I had a confidence-busting end-o in a rock garden last summer. Nothing was injured except my confidence. I'd like to get it back.


----------



## TheotherH (Jan 21, 2004)

screampint said:


> Switchbacks.... Yes, I can do them if they are easy. But I'm not comfortable on them and as soon as they get chunky and ledgey in the middle, I'm off.


Me too.


----------



## TheotherH (Jan 21, 2004)

formica said:


> I want mountain biking to be fun again.


Well, you'd better come hang out with us Canadians at KettleFest then


----------



## formica (Jul 4, 2004)

TheotherH said:


> Well, you'd better come hang out with us Canadians at KettleFest then


bwahhahah... fun stuff.


----------



## chuky (Apr 3, 2005)

Lots of good things to work on, so how are you all going to go about conquering them?


----------



## connie (Mar 16, 2004)

I have some of the usual things I'm continuing to work on - getting better at going up bigger ledges, practicing longer trackstands and wheelies and whatnot....

But I think the biggest thing is that I'm working on breathing more fully when I'm riding, and really paying attention to my body and instincts.

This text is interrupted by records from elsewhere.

(* Choose an ultrafilter [U] on [I] containing every final segment, and let
   [K*] be the ultrapower [K^I/U], valued by [v [f_a] >= v [g_a]] iff this holds
   for [U]-most [a]. By Łoś's theorem [K*] is henselian, and [K] is
   existentially closed in [K*] along the diagonal embedding.
   Kaplansky's lemma says that, because [s] is of transcendental type and
   [v (x - s_a)] is eventually increasing, [v f(x) = v f(s_a)] for all large [a];
   hence [f(x)/g(x) |-> [f(s_a)/g(s_a)]] is a well-defined valued-field
   embedding of [K(x)] into [K*] over [K]. The universal property of the
   henselization extends it to [(K(x),v)^h], so an existential formula with
   parameters in [K] that holds in [(K(x),v)^h] holds in [K*], hence in [K]. *)

From HB Require Import structures.
From mathcomp Require Import all_boot all_order all_algebra.
From mathcomp Require Import boolp classical_sets filter.
From mathcomp Require Import ring zify.
From Stdlib Require Import Classical ClassicalEpsilon.
Set Implicit Arguments. Unset Strict Implicit. Unset Printing Implicit Defensive.
Import Order.TTheory GRing.Theory.
Local Open Scope ring_scope.

Section ValuationRing.
Variables (F : fieldType) (O : F -> Prop).
Hypothesis vO : valuation_ring O.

Not doing things because my ego wants me to, and not backing off of things that I know I can push harder at, but finding balance.


----------



## gabrielle (Jan 2, 2005)

formica said:


> I need trail blinders that filter in fun!

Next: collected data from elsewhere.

Lemma normr_det_le p (C : 'M[R]_p) (L : R) :
  (forall i j, `|C i j| <= L) -> `|\det C| <= p`!%:R * L ^+ p.
Proof.
move=> C_le; apply: (le_trans (ler_norm_sum _ _ _)).
have -> : p`!%:R * L ^+ p = \sum_(s : 'S_p) L ^+ p.
  by rewrite sumr_const card_Sn mulr_natl.
apply: ler_sum => s _.
rewrite normrM normrX normrN normr1 expr1n mul1r normr_prod.
have -> : L ^+ p = \prod_(i : 'I_p) L by rewrite prodr_const card_ord.
by apply: ler_prod => i _; rewrite normr_ge0 C_le.
Qed.

Lemma sqfrob_adj_le p (C : 'M[R]_p) (L : R) :
  (forall i j, `|C i j| <= L) ->
  sqfrob (\adj C) <= (p * p)%:R * ((p.-1)`!%:R * L ^+ p.-1) ^+ 2.
Proof.
move=> C_le; apply: sqfrob_le => i j.
rewrite mxE /cofactor normrM normrX normrN normr1 expr1n mul1r.
by apply: normr_det_le => a b; rewrite !mxE.
Qed.

End EntryBounds.

Definition vsupp (R : pzRingType) n (x : 'cV[R]_n) : {set 'I_n} :=
  [set i | x i ord0 != 0].

Section SupportGram.
Variables (R : comPzRingType) (m n : nat).
Implicit Types (B : 'M[R]_(m, n)) (S : {set 'I_n}) (x : 'cV[R]_n).

Definition col_restrict B S : 'M[R]_(m, n) :=
  \matrix_(i, j) (if j \in S then B i j else 0).

Definition support_gram B S : 'M[R]_n :=
  (col_restrict B S)^T *m col_restrict B S + diag_mx (\row_j (j \notin S)%:R).

Lemma col_restrict_mulmx B S x : (forall j, j \notin S -> x j ord0 = 0) ->
  col_restrict B S *m x = B *m x.
Proof.
move=> x_off; apply/matrixP => i a; rewrite !mxE; apply: eq_bigr => j _.
by rewrite mxE (ord1 a); case: ifPn => // /x_off ->; rewrite !mulr0.
Qed.

Lemma support_gram_mulmx B S x : (forall j, j \notin S -> x j ord0 = 0) ->
  support_gram B S *m x = (col_restrict B S)^T *m (B *m x).
Proof.
move=> x_off; rewrite mulmxDl -mulmxA col_restrict_mulmx // mul_diag_mx.
rewrite [X in _ + X](_ : _ = 0) ?addr0 //; apply/matrixP => i a.
by rewrite !mxE (ord1 a); case: (boolP (i \in S)) => [|/x_off ->]; rewrite ?mul0r ?mulr0.
Qed.

Lemma support_gram_form B S x :
  (x^T *m support_gram B S *m x) ord0 ord0 =
  ((col_restrict B S *m x)^T *m (col_restrict B S *m x)) ord0 ord0
  + \sum_(j | j \notin S) x j ord0 ^+ 2.
Proof.
rewrite mulmxDr mulmxDl trmx_mul !mulmxA mxE; congr (_ + _).
rewrite mul_mx_diag mxE (bigID (fun j => j \in S)) /= big1 ?add0r.
  by apply: eq_bigr => j jS; rewrite !mxE jS mulr1 expr2.
by move=> j jS; rewrite !mxE jS mulr0 mul0r.
Qed.

End SupportGram.

Section MapSupportGram.
Variables (R R' : comPzRingType) (f : {rmorphism R -> R'}) (m n : nat).
Variables (B : 'M[R]_(m, n)) (S : {set 'I_n}).

Lemma map_col_restrict : map_mx f (col_restrict B S) = col_restrict (map_mx f B) S.
Proof. by apply/matrixP => i j; rewrite !mxE; case: ifP; rewrite ?rmorph0. Qed.

Lemma map_support_gram : map_mx f (support_gram B S) = support_gram (map_mx f B) S.
Proof.
rewrite /support_gram map_mxD map_mxM -map_trmx map_col_restrict map_diag_mx.
congr (_ + _).
by congr diag_mx; apply/matrixP => i j; rewrite !mxE rmorph_nat.
Qed.

End MapSupportGram.

Lemma support_gram_det_neq0 (R : realDomainType) m n (B : 'M[R]_(m, n)) (S : {set 'I_n}) :
  (forall v : 'cV[R]_n, B *m v = 0 -> (forall j, j \notin S -> v j ord0 = 0) -> v = 0) ->
  \det (support_gram B S) != 0.
Proof.
move=> ker_off_S; apply/negP => /det0P [v v_neq0 vM].
set x := v^T; set y := col_restrict B S *m x.
have form0 : sqnorm2 y + \sum_(j | j \notin S) x j ord0 ^+ 2 = 0.
  by rewrite -trmx_mul_sqnorm2 -support_gram_form /x trmxK vM mul0mx mxE.
have off_ge0 : 0 <= \sum_(j | j \notin S) x j ord0 ^+ 2.
  by apply: sumr_ge0 => j _; exact: sqr_ge0.
move/eqP: form0; rewrite paddr_eq0 ?sqnorm2_ge0 // => /andP[/eqP y0 /eqP off0].
have x_off j : j \notin S -> x j ord0 = 0.
  move=> jS; apply/eqP; rewrite -sqrf_eq0; apply/eqP.
  by apply: (psumr_eq0P _ off0) => // i _; exact: sqr_ge0.
have : x = 0.
  by apply: (ker_off_S _ _ x_off); rewrite -(col_restrict_mulmx B x_off); exact: sqnorm2_eq0.
by move/eqP; rewrite trmx_eq0 (negPf v_neq0).
Qed.

Section EntryBoundsGram.
Variables (R : realDomainType) (m n : nat) (B : 'M[R]_(m, n)) (S : {set 'I_n}) (K : R).
Hypothesis B_le : forall i j, `|B i j| <= K.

We'll go riding when you come visit. Assuming it's not all rainy &c like last year.

I want to get better at eating. I'm going to practice a lot.

gabrielle


----------



## screampint (Dec 10, 2001)

Well, I just built a couple trails that include some switchbacks. I really like the trails, so I will get plenty of practice.


----------



## PixieChik (Jul 10, 2010)

1. I am going to join a local group ride and not worry about being too slow or not good enough. I am telling myself it's a group ride because they want newer riders to come along!

2. More confidence and speed on rocky downhill sections. This is coming along as I get experience, but some of it is a pure mind game.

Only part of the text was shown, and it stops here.